Progress, I presume?

>     I then rebooted, and switched the boot device in the BIOS to be
> the SCSI drives with FreeBSD.  Suddenly it tanks again.
>
>     Super wacky.  I think I'll just make this a winders machine and
> take the 1GHz processor that the fiancee is runnign win2k with for a
> real os :-0

My A7V didn't have performance problems with an 800 MHz Thunderbird, 
but it did have reliability problems. If I could get a fair amount of 
network traffic, sym0 ('875), and onboard Promise ATA-100 activity the 
system would freeze. Forgot if it eventually rebooted. Do remember 
there was no panic message.

In other words, "make -j4 buildworld" with source on SCSI, /usr/obj on
ATA, while agressive web surfing on cable modem, would lock the machine.

Reading all the manuals carefully saw "PCI 2.2" and mention of
concurrent PCI transactions and other scary things. None of my PCI cards
are new enough to know what/if PCI 2.2 means to them.

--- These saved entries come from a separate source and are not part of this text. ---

(* Let $D\subset\mathbb R^d$ be compact and let $L_1,L_2$ be compact metric spaces. Let $\varphi_i:D\times L_i\to\mathbb R^n$ ($i=1,2$) be continuous maps such that (a) they are $\alpha$-Hölder with respect to $x$: there are $C>0$ and $\alpha\in(0,1]$ with $\|\varphi_i(\xi,x)-\varphi_i(\xi,y)\|\le C\,\rho_i(x,y)^\alpha$ for all $\xi\in D$, $x,y\in L_i$ ($\rho_i$ the metric of $L_i$); and (b) there is $M>0$ such that for all $x_1\in L_1$, $x_2\in L_2$, $\xi,\xi'\in D$, the function $\Phi(\xi,x_1,x_2)=\varphi_1(\xi,x_1)-\varphi_2(\xi,x_2)$ satisfies $\|\Phi(\xi',x_1,x_2)-\Phi(\xi,x_1,x_2)\|\ge M|\xi'-\xi|$. Then $\Delta=\{\xi\in D:\varphi_1(\xi,L_1)\cap\varphi_2(\xi,L_2)\neq\varnothing\}$ is a compact set and $$\dim_H\Delta\le\min\left\{\frac{\dim_H(L_1\times L_2)}{\alpha},\,d\right\}.$$ *)

From HB Require Import structures.
From mathcomp Require Import all_boot all_order all_algebra.
From mathcomp Require Import all_classical all_reals.
From mathcomp Require Import ereal topology normedtype sequences exp.
Set Implicit Arguments. Unset Strict Implicit. Unset Printing Implicit Defensive.
Import Order.TTheory GRing.Theory Num.Theory.
Local Open Scope classical_set_scope.
Local Open Scope ring_scope.

Definition is_metric (R : realType) (T : Type) (rho : T -> T -> R) : Prop :=
  (forall x y, 0 <= rho x y) /\ (forall x y, rho x y = 0 <-> x = y) /\
  (forall x y, rho x y = rho y x) /\
  (forall x y z, rho x z <= rho x y + rho y z).

Definition metric_compact (R : realType) (T : Type) (rho : T -> T -> R)
    (A : set T) : Prop :=
  forall u : nat -> T, (forall k, A (u k)) ->
    exists (phi : nat -> nat) (x : T),
      A x /\ (forall k, (phi k < phi k.+1)%N) /\
      (forall e : R, 0 < e -> exists N, forall k, (N <= k)%N -> rho (u (phi k)) x < e).

Definition eucl (R : realType) (k : nat) (v : 'rV[R]_k) : R :=
  Num.sqrt (\sum_(i < k) v ord0 i ^+ 2).
Definition euc_dist (R : realType) (k : nat) (v w : 'rV[R]_k) : R := eucl (v - w).

Definition prod_dist (R : realType) (T1 T2 : Type) (rho1 : T1 -> T1 -> R)
    (rho2 : T2 -> T2 -> R) (p q : T1 * T2) : R :=
  Num.max (rho1 p.1 q.1) (rho2 p.2 q.2).

Local Open Scope ereal_scope.

(* diameter, with diam set0 = 0 *)
Definition diam (R : realType) (T : Type) (rho : T -> T -> R) (U : set T) : \bar R :=
  ereal_sup ([set 0%:E] `|` [set (rho x y)%:E | x in U & y in U]).

Definition hausdorff_approx (R : realType) (T : Type) (rho : T -> T -> R)
    (s delta : R) (A : set T) : \bar R :=
  ereal_inf [set \sum_(0 <= i <oo) ((fine (diam rho (U i))) `^ s)%:E
            | U in [set U : nat -> set T |
                    A `<=` \bigcup_i U i /\ forall i, diam rho (U i) <= delta%:E]].

Definition hausdorff_measure (R : realType) (T : Type) (rho : T -> T -> R)
    (s : R) (A : set T) : \bar R :=
  ereal_sup [set hausdorff_approx rho s delta A | delta in [set d : R | (0 < d)%R]].

Definition hausdorff_dim (R : realType) (T : Type) (rho : T -> T -> R)
    (A : set T) : \bar R :=
  ereal_inf [set s%:E | s in [set s : R | (0 < s)%R /\ hausdorff_measure rho s A = 0]].

From HB Require Import structures.
From mathcomp Require Import all_boot all_order all_algebra.
From mathcomp Require Import all_classical all_reals.
From mathcomp Require Import ereal topology normedtype sequences exp.
From mathcomp Require Import lra.
Set Implicit Arguments. Unset Strict Implicit. Unset Printing Implicit Defensive.
Import Order.TTheory GRing.Theory Num.Theory.
Local Open Scope classical_set_scope.
Local Open Scope ring_scope.

(* Delta is closed in the compact set D: a limit of coincidence points is again
   one, by joint continuity of phi1 and phi2.  For the dimension bound, the
   transversality condition (b) together with the Hoelder condition (a) gives
     M |xi - xi'| <= n (C + C) rho((x1, x2), (y1, y2)) ^ alpha
   whenever phi1 xi x1 = phi2 xi x2 and phi1 xi' y1 = phi2 xi' y2, so Delta is
   the image of L1 x L2 under an alpha-Hoelder correspondence.  Such an image
   turns a delta-cover of L1 x L2 with small sum of diam ^ s into a cover of
   Delta with small sum of diam ^ (s / alpha); hence H^s(L1 x L2) = 0 forces
   H^(s / alpha)(Delta) = 0.  The bound by d is the grid covering of a bounded
   subset of R^d. *)

Section EuclideanNorm.
Variables (R : realType) (k : nat).
Implicit Types (u v : 'rV[R]_k) (h : R).
Lemma cint_msum_le x0 d N (F : (nat -> nat) -> R -> C) x : (a <= x0 <= b)%R -> (a <= x <= b)%R ->
  (forall n, cont_on a b (F n)) ->
  cint x0 (fun s => msum_le d N (fun n => F n s)) x = msum_le d N (fun n => cint x0 (F n) x).
Proof.
intros H0 Hx. revert N F. induction d; intros N F H; cbn [msum_le]. reflexivity.
rewrite (cint_csum a b Hab x0 (fun a0 s => msum_le d (N - a0) (fun n => F (ncons a0 n) s))); auto.
- apply csum_ext. intros i _. apply (IHd (N - i)%nat (fun n => F (ncons i n))). intros; apply H.
- intros i _. apply (cont_on_msum_le d (N - i)%nat (fun n => F (ncons i n))). intros; apply H.
Qed.

End MsumIntegrals.

(** * Recursion equations of the formal powers *)

Section FormalPowerEquations.
Variables (d : nat) (x0 : R) (p u0 : R -> C) (r : nat -> R -> C).

Notation Xt := (Xt d x0 p u0 r).
Notation X := (X d x0 p u0 r).

Lemma Xt_twice n : nsize d n <> 0%nat ->
  Xt (twice n) = fun x => zC (2 * Z.of_nat (nsize d n)) *
    cint x0 (fun s => / (p s * u0 s * u0 s) * csum (fun i => Xt (zsub (twice n) (zdelta i)) s) d) x.
Proof.
intros Hn. unfold Defs.Xt at 1.
replace (Z.to_nat (zsize d (twice n))) with (S (2 * nsize d n - 1)) by (rewrite zsize_twice; lia).
cbn [Xt_f].
rewrite has_neg_false by (intros; apply twice_nonneg).
destruct (nsize_pos d n Hn) as [l [Hl Hl2]].
rewrite (all_zero_false d _ l) by (auto; unfold twice; lia).
rewrite odd_entries_twice. rewrite zsize_twice.
apply functional_extensionality. intros x. f_equal. f_equal.
apply functional_extensionality. intros s. f_equal.
apply csum_ext. intros i Hi. unfold Defs.Xt.
f_equal. rewrite zsize_sub, zsize_twice, zsize_delta by auto. lia.
Qed.

Lemma Xt_twice_zero n : nsize d n = 0%nat -> Xt (twice n) = fun _ => 1.
Proof.
intros Hn. unfold Defs.Xt.
replace (Z.to_nat (zsize d (twice n))) with 0%nat by (rewrite zsize_twice; lia).
cbn [Xt_f].
rewrite has_neg_false by (intros; apply twice_nonneg).
replace (all_zero d (twice n)) with true; auto.
symmetry. apply all_zero_true. intros l Hl. unfold twice. rewrite (nsize_eq0 d n Hn l Hl). lia.
Qed.

Lemma Xt_twice_sub_delta n i : (i < d)%nat -> (1 <= n i)%nat ->
  Xt (zsub (twice n) (zdelta i)) = fun x => zC (2 * Z.of_nat (nsize d n) - 1) *
    cint x0 (fun s => r i s * u0 s * u0 s * Xt (twice (decr i n)) s) x.
Proof.
intros Hi Hn. assert (Hge := nsize_ge d n i Hi).
unfold Defs.Xt at 1.
replace (Z.to_nat (zsize d (zsub (twice n) (zdelta i)))) with (S (2 * nsize d n - 2))
  by (rewrite zsize_sub, zsize_twice, zsize_delta by auto; lia).
cbn [Xt_f].
rewrite has_neg_false.
2:{ intros l Hl. rewrite twice_sub_delta_entry. destruct (Nat.eqb_spec l i); subst; lia. }
rewrite (all_zero_false d _ i) by (auto; rewrite twice_sub_delta_entry, Nat.eqb_refl; lia).
rewrite odd_entries_twice_sub_delta by auto.
rewrite twice_decr by auto.
rewrite zsize_sub, zsize_twice, zsize_delta by auto.
apply functional_extensionality. intros x. f_equal. f_equal.
apply functional_extensionality. intros s. f_equal.
unfold Defs.Xt. f_equal. rewrite zsize_twice, nsize_decr by auto. lia.
Qed.

Lemma Xt_twice_sub_delta_zero n i : (i < d)%nat -> n i = 0%nat ->
  Xt (zsub (twice n) (zdelta i)) = fun _ => 0.
Proof.
intros Hi Hn. unfold Defs.Xt.
assert (Hneg : has_neg d (zsub (twice n) (zdelta i)) = true).
{ apply has_neg_true. exists i. split; auto. rewrite twice_sub_delta_entry, Nat.eqb_refl, Hn. lia. }
destruct (Z.to_nat (zsize d (zsub (twice n) (zdelta i)))); cbn [Xt_f]; rewrite Hneg; reflexivity.
Qed.

Lemma X_twice n :
  X (twice n) = fun x => zC (2 * Z.of_nat (nsize d n) + 1) *
    cint x0 (fun s => / (p s * u0 s * u0 s) * csum (fun i => X (zsub (twice n) (zdelta i)) s) d) x.
Proof.
unfold Defs.X at 1.
replace (Z.to_nat (zsize d (twice n) + 1)) with (S (2 * nsize d n)) by (rewrite zsize_twice; lia).
cbn [X_f].
rewrite is_minus_delta_false by (intros; apply twice_nonneg).
rewrite has_neg_false by (intros; apply twice_nonneg).
rewrite odd_entries_twice. rewrite zsize_twice.
apply functional_extensionality. intros x. f_equal. f_equal.
apply functional_extensionality. intros s. f_equal.
apply csum_ext. intros i Hi. unfold Defs.X.
f_equal. rewrite zsize_sub, zsize_twice, zsize_delta by auto. lia.
Qed.

Lemma X_twice_sub_delta n i : (i < d)%nat -> (1 <= n i)%nat ->
  X (zsub (twice n) (zdelta i)) = fun x => zC (2 * Z.of_nat (nsize d n)) *
    cint x0 (fun s => r i s * u0 s * u0 s * X (twice (decr i n)) s) x.
Proof.
intros Hi Hn. assert (Hge := nsize_ge d n i Hi).
unfold Defs.X at 1.
replace (Z.to_nat (zsize d (zsub (twice n) (zdelta i)) + 1)) with (S (2 * nsize d n - 1))
  by (rewrite zsize_sub, zsize_twice, zsize_delta by auto; lia).
cbn [X_f].
rewrite is_minus_delta_false.
2:{ intros l Hl. rewrite twice_sub_delta_entry. destruct (Nat.eqb_spec l i); subst; lia. }
rewrite has_neg_false.
2:{ intros l Hl. rewrite twice_sub_delta_entry. destruct (Nat.eqb_spec l i); subst; lia. }
rewrite odd_entries_twice_sub_delta by auto.
rewrite twice_decr by auto.
rewrite zsize_sub, zsize_twice, zsize_delta by auto.
replace (2 * Z.of_nat (nsize d n) - 1 + 1)%Z with (2 * Z.of_nat (nsize d n))%Z by lia.
apply functional_extensionality. intros x. f_equal. f_equal.
apply functional_extensionality. intros s. f_equal.
unfold Defs.X. f_equal. rewrite zsize_twice, nsize_decr by auto. lia.
Qed.

Lemma X_minus_delta n i : (i < d)%nat -> nsize d n = 0%nat ->
  X (zsub (twice n) (zdelta i)) = fun _ => / RtoC (INR d).
Proof.
intros Hi Hn. unfold Defs.X.
assert (Hm : is_minus_delta d (zsub (twice n) (zdelta i)) = true).
{ apply is_minus_delta_true. exists i. split; auto. intros l Hl. rewrite twice_sub_delta_entry.
  rewrite (nsize_eq0 d n Hn l Hl). destruct (Nat.eqb l i); lia. }
destruct (Z.to_nat (zsize d (zsub (twice n) (zdelta i)) + 1)); cbn [X_f]; rewrite Hm; reflexivity.
Qed.

Lemma X_twice_sub_delta_zero n i : (i < d)%nat -> n i = 0%nat -> nsize d n <> 0%nat ->
  X (zsub (twice n) (zdelta i)) = fun _ => 0.
Proof.
intros Hi Hn Hs. unfold Defs.X.
assert (Hm : is_minus_delta d (zsub (twice n) (zdelta i)) = false).
{ destruct (is_minus_delta d (zsub (twice n) (zdelta i))) eqn:E; auto.
  apply is_minus_delta_true in E. destruct E as [i' [Hi' H]].
  destruct (nsize_pos d n Hs) as [l0 [Hl0 Hl0']].
  specialize (H l0 Hl0). rewrite twice_sub_delta_entry in H.
  destruct (Nat.eqb_spec l0 i); [subst; lia|]. destruct (Nat.eqb l0 i'); lia. }
assert (Hneg : has_neg d (zsub (twice n) (zdelta i)) = true).
{ apply has_neg_true. exists i. split; auto. rewrite twice_sub_delta_entry, Nat.eqb_refl, Hn. lia. }
destruct (Z.to_nat (zsize d (zsub (twice n) (zdelta i)) + 1)); cbn [X_f]; rewrite Hm, Hneg;
  reflexivity.
Qed.

Variables a b : R.
Hypothesis Hab : (a < b)%R.
Hypothesis H0 : (a <= x0 <= b)%R.
Hypothesis Hp : cont_on a b p.
Hypothesis Hu0 : cont_on a b u0.
Hypothesis Hr : forall i, (i < d)%nat -> cont_on a b (r i).
Hypothesis Hp0 : forall x, (a <= x <= b)%R -> p x <> 0.
Hypothesis Hu00 : forall x, (a <= x <= b)%R -> u0 x <> 0.

Lemma cont_on_weight : cont_on a b (fun s => / (p s * u0 s * u0 s)).
Proof.
apply cont_on_inv. apply cont_on_mult. apply cont_on_mult; auto. auto.
intros x Hx. apply Cmult_neq_0. apply Cmult_neq_0; auto. auto.
Qed.

Lemma cont_on_Xt_f k j : cont_on a b (Xt_f d x0 p u0 r k j).
Proof.
revert j. induction k; intros j; cbn [Xt_f].
- destruct (has_neg d j); [apply cont_on_const|]. destruct (all_zero d j); apply cont_on_const.
- destruct (has_neg d j); [apply cont_on_const|]. destruct (all_zero d j); [apply cont_on_const|].
  destruct (odd_entries d j) as [|i [|i' l]] eqn:E.
  + apply cont_on_mult. apply cont_on_const. apply cont_on_cint; auto.
    apply cont_on_mult. apply cont_on_weight.
      apply (cont_on_csum a b (fun i => Xt_f d x0 p u0 r k (zsub j (zdelta i)))).
    intros; apply IHk.
  + assert (Hi : (i < d)%nat) by (apply (odd_entries_in d j); rewrite E; left; auto).
    apply cont_on_mult. apply cont_on_const. apply cont_on_cint; auto.
    apply cont_on_mult. apply cont_on_mult. apply cont_on_mult; auto. auto. apply IHk.
  + apply cont_on_const.
Qed.

Lemma cont_on_X_f k j : cont_on a b (X_f d x0 p u0 r k j).
Proof.
revert j. induction k; intros j; cbn [X_f].
- destruct (is_minus_delta d j); [apply cont_on_const|].
  destruct (has_neg d j); apply cont_on_const.
- destruct (is_minus_delta d j); [apply cont_on_const|].
  destruct (has_neg d j); [apply cont_on_const|].
  destruct (odd_entries d j) as [|i [|i' l]] eqn:E.
  + apply cont_on_mult. apply cont_on_const. apply cont_on_cint; auto.
    apply cont_on_mult. apply cont_on_weight.
      apply (cont_on_csum a b (fun i => X_f d x0 p u0 r k (zsub j (zdelta i)))).
    intros; apply IHk.
  + assert (Hi : (i < d)%nat) by (apply (odd_entries_in d j); rewrite E; left; auto).
    apply cont_on_mult. apply cont_on_const. apply cont_on_cint; auto.
    apply cont_on_mult. apply cont_on_mult. apply cont_on_mult; auto. auto. apply IHk.
  + apply cont_on_const.
Qed.

Lemma cont_on_Xt j : cont_on a b (Xt j).
Proof. apply cont_on_Xt_f. Qed.
Lemma cont_on_X j : cont_on a b (X j).
Proof. apply cont_on_X_f. Qed.

End FormalPowerEquations.

(** * The series and their integral equations *)

Section SeriesIdentities.
Variables (d : nat) (x0 : R) (p u0 : R -> C) (r : nat -> R -> C) (lam : nat -> C).
Variables a b : R.
Hypothesis Hd : (1 <= d)%nat.
Hypothesis Hab : (a < b)%R.
Hypothesis H0 : (a <= x0 <= b)%R.
Hypothesis Hp : cont_on a b p.
Hypothesis Hu0 : cont_on a b u0.
Hypothesis Hr : forall i, (i < d)%nat -> cont_on a b (r i).
Hypothesis Hp0 : forall x, (a <= x <= b)%R -> p x <> 0.
Hypothesis Hu00 : forall x, (a <= x <= b)%R -> u0 x <> 0.

Notation Xt := (Xt d x0 p u0 r).
Notation X := (X d x0 p u0 r).
Notation I x := (a <= x <= b)%R.

Definition term1 (n : nat -> nat) (x : R) : C :=
  Xt (twice n) x * mpow d lam n / cfact (2 * nsize d n).
Definition dterm1 (n : nat -> nat) (x : R) : C :=
  if Nat.eqb (nsize d n) 0 then 0 else
  csum (fun i => Xt (zsub (twice n) (zdelta i)) x) d * mpow d lam n / cfact (2 * nsize d n - 1).
Definition term2 (n : nat -> nat) (x : R) : C :=
  X (twice n) x * mpow d lam n / cfact (2 * nsize d n + 1).
Definition dterm2 (n : nat -> nat) (x : R) : C :=
  csum (fun i => X (zsub (twice n) (zdelta i)) x) d * mpow d lam n / cfact (2 * nsize d n).

(* With [u = u0 W] and [V = p u0^2 W'], the equation for [u] reads
   [W' = coefA V], [V' = coefB W]. *)
Definition coefA (s : R) : C := / (p s * u0 s * u0 s).
Definition rho_lam (s : R) : C := csum (fun i => lam i * r i s) d.
Definition coefB (s : R) : C := u0 s * u0 s * rho_lam s.

(* The coefficient of index [n] in [coefB * sum_m T m]: the term [lam_i r_i] lowers [n_i] by one. *)
Definition coefB_shift (T : (nat -> nat) -> R -> C) (n : nat -> nat) (s : R) : C :=
  csum (fun i => if Nat.leb 1 (n i) then lam i * r i s * u0 s * u0 s * T (decr i n) s else 0) d.

Lemma cont_on_coefA : cont_on a b coefA.
Proof. apply (cont_on_weight p u0 a b); auto. Qed.

Lemma cont_on_coefB : cont_on a b coefB.
Proof.
apply cont_on_mult; [apply cont_on_mult; auto|].
apply (cont_on_csum a b (fun i s => lam i * r i s)). intros.
apply cont_on_mult; auto. apply cont_on_const.
Qed.

Lemma cont_on_Xt_sum n : cont_on a b (fun x => csum (fun i => Xt (zsub (twice n) (zdelta i)) x) d).
Proof. apply (cont_on_csum a b (fun i => Xt _)). intros.
  apply (cont_on_Xt d x0 p u0 r a b); auto. Qed.

Lemma cont_on_X_sum n : cont_on a b (fun x => csum (fun i => X (zsub (twice n) (zdelta i)) x) d).
Proof. apply (cont_on_csum a b (fun i => X _)). intros. apply (cont_on_X d x0 p u0 r a b); auto.
  Qed.

Lemma cont_on_term1 n : cont_on a b (term1 n).
Proof.
unfold term1, Cdiv. apply cont_on_mult; [apply cont_on_mult|]; try apply cont_on_const.
apply (cont_on_Xt d x0 p u0 r a b); auto.
Qed.

Lemma cont_on_term2 n : cont_on a b (term2 n).
Proof.
unfold term2, Cdiv. apply cont_on_mult; [apply cont_on_mult|]; try apply cont_on_const.
apply (cont_on_X d x0 p u0 r a b); auto.
Qed.

Lemma cont_on_dterm1 n : cont_on a b (dterm1 n).
Proof.
unfold dterm1, Cdiv. destruct (Nat.eqb (nsize d n) 0); [apply cont_on_const|].
apply cont_on_mult; [apply cont_on_mult|]; try apply cont_on_const. apply cont_on_Xt_sum.
Qed.

Lemma cont_on_dterm2 n : cont_on a b (dterm2 n).
Proof.
unfold dterm2, Cdiv. apply cont_on_mult; [apply cont_on_mult|]; try apply cont_on_const.
apply cont_on_X_sum.
Qed.

Lemma cont_on_rcoef i (F : R -> C) : (i < d)%nat -> cont_on a b F ->
  cont_on a b (fun s => r i s * u0 s * u0 s * F s).
Proof.
intros Hi HF. apply cont_on_mult; auto.
apply cont_on_mult; auto. apply cont_on_mult; auto.
Qed.

Lemma cont_on_coefB_shift (T : (nat -> nat) -> R -> C) n : (forall m, cont_on a b (T m)) ->
  cont_on a b (coefB_shift T n).
Proof.
intros HT. apply (cont_on_csum a b (fun i s => if Nat.leb 1 (n i)
  then lam i * r i s * u0 s * u0 s * T (decr i n) s else 0)).
intros i Hi. destruct (Nat.leb 1 (n i)); [|apply cont_on_const].
apply cont_on_mult; [|apply HT]. apply cont_on_mult; auto. apply cont_on_mult; auto.
apply cont_on_mult; [apply cont_on_const | auto].
Qed.

Lemma coefB_msum_le (T : (nat -> nat) -> R -> C) N s :
  coefB s * msum_le d N (fun n => T n s) = msum_le d (S N) (fun n => coefB_shift T n s).
Proof.
unfold coefB_shift. rewrite msum_le_csum.
rewrite (csum_ext _ (fun i => lam i * r i s * u0 s * u0 s * msum_le d N (fun n => T n s))).
- rewrite csum_mult_r. unfold coefB, rho_lam.
  rewrite <- (csum_mult_l (u0 s * u0 s) (fun i => lam i * r i s)).
  f_equal. apply csum_ext. intros; ring.
- intros i Hi. rewrite <- (msum_le_shift_decr d i N (fun n => T n s)) by auto.
  rewrite <- msum_le_mult_l. apply msum_le_ext. intros n. destruct (Nat.leb 1 (n i)); ring.
Qed.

Not sure which of 3 things, or combination, was the cure but "System
Performance" is "Normal" (vs default Optimal), "PCI Master Read Caching"
is "Disabled" (vs default "Enabled" for Athlon), and "Delayed
Transaction" is also "Disabled" (vs default "Enabled" for Athlon).

With those changes the system has been rock solid 24/7 the past month.


--
David Kelly N4HHE, dkelly@hiwaay.net
=====================================================================
The human mind ordinarily operates at only ten percent of its
capacity -- the rest is overhead for the operating system.